TASK DESCRIPTION: Scan the lines below; pull out those with "elim".
——
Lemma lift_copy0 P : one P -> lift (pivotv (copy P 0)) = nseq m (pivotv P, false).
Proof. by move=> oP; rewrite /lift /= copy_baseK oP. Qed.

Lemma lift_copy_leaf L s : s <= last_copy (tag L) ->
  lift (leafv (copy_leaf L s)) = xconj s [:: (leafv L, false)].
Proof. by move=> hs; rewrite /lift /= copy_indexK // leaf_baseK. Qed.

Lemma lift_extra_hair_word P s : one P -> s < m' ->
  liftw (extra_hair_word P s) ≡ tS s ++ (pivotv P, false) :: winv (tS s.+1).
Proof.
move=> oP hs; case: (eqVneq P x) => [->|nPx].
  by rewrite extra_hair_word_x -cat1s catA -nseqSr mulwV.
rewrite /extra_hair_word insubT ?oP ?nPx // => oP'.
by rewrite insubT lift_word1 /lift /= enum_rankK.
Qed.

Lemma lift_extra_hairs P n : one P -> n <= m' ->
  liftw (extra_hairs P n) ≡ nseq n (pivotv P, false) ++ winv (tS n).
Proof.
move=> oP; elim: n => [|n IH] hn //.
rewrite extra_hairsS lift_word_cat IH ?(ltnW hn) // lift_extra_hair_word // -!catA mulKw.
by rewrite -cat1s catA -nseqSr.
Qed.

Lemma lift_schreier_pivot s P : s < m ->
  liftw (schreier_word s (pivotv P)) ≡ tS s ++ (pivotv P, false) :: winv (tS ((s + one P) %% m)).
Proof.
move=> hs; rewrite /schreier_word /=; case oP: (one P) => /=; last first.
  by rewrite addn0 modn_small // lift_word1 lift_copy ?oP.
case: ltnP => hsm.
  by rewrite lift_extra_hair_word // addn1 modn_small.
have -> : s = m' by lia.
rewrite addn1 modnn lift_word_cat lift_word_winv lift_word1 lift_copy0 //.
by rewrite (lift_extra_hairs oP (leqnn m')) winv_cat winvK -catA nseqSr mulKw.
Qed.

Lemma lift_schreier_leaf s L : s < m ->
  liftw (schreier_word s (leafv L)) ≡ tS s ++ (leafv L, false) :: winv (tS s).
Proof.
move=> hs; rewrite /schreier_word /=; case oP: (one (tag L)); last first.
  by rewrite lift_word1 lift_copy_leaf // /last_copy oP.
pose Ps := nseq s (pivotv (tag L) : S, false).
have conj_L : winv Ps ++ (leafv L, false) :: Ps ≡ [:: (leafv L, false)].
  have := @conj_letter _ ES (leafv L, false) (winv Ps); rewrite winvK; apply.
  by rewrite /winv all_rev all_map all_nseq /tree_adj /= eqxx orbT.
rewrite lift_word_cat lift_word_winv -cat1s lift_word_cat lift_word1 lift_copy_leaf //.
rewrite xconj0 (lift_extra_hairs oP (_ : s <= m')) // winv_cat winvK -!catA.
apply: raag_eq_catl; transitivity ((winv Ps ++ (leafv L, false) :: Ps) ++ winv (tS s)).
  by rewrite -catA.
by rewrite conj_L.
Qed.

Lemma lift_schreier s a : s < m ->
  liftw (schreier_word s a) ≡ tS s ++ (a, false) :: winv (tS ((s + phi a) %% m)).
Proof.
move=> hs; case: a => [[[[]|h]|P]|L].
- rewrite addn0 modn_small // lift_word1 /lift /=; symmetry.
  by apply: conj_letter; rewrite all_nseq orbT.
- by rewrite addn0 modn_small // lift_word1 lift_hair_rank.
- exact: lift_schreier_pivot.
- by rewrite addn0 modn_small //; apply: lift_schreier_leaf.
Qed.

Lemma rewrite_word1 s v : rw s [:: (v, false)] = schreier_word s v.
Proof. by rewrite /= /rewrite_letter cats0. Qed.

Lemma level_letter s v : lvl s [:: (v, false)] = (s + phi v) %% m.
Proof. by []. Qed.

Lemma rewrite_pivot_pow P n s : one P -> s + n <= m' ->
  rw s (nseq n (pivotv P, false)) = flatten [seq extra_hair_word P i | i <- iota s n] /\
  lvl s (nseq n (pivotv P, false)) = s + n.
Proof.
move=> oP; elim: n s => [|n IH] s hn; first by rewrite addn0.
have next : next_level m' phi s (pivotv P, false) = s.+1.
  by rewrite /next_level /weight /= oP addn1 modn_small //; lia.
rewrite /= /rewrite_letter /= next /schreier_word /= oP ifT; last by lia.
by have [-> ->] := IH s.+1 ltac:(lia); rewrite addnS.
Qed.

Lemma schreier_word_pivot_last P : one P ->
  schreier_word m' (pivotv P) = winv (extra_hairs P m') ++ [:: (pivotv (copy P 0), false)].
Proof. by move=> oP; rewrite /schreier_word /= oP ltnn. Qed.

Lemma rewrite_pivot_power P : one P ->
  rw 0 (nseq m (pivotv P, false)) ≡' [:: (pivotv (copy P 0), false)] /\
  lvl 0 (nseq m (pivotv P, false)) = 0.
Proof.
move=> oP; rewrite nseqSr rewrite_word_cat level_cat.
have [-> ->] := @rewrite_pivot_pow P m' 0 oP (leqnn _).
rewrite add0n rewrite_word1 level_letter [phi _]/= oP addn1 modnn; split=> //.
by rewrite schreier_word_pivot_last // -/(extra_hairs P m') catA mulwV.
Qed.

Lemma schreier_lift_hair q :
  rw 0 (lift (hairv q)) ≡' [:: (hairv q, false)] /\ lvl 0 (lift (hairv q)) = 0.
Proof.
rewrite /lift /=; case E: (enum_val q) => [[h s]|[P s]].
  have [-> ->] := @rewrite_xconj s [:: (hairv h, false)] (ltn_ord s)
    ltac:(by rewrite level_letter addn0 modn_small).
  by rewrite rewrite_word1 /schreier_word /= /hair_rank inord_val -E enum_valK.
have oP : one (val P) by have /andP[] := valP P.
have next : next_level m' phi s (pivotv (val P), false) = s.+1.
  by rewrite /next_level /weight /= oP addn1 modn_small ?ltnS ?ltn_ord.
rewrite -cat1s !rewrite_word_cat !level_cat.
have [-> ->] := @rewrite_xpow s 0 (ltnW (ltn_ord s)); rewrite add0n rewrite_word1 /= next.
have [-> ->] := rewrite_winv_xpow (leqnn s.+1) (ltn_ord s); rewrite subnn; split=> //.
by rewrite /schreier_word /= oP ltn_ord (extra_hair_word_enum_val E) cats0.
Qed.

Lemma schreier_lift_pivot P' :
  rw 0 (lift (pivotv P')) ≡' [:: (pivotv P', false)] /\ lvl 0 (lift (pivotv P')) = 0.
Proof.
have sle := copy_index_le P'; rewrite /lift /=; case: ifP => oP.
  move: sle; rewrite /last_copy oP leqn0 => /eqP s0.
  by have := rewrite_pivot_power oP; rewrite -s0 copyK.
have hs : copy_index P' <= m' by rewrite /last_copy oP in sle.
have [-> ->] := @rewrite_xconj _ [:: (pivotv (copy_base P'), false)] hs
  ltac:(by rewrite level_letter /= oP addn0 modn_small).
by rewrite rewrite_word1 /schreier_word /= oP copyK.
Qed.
——
RESULT OF THE TASK:
move=> oP; elim: n => [|n IH] hn //.
move=> oP; elim: n s => [|n IH] s hn; first by rewrite addn0.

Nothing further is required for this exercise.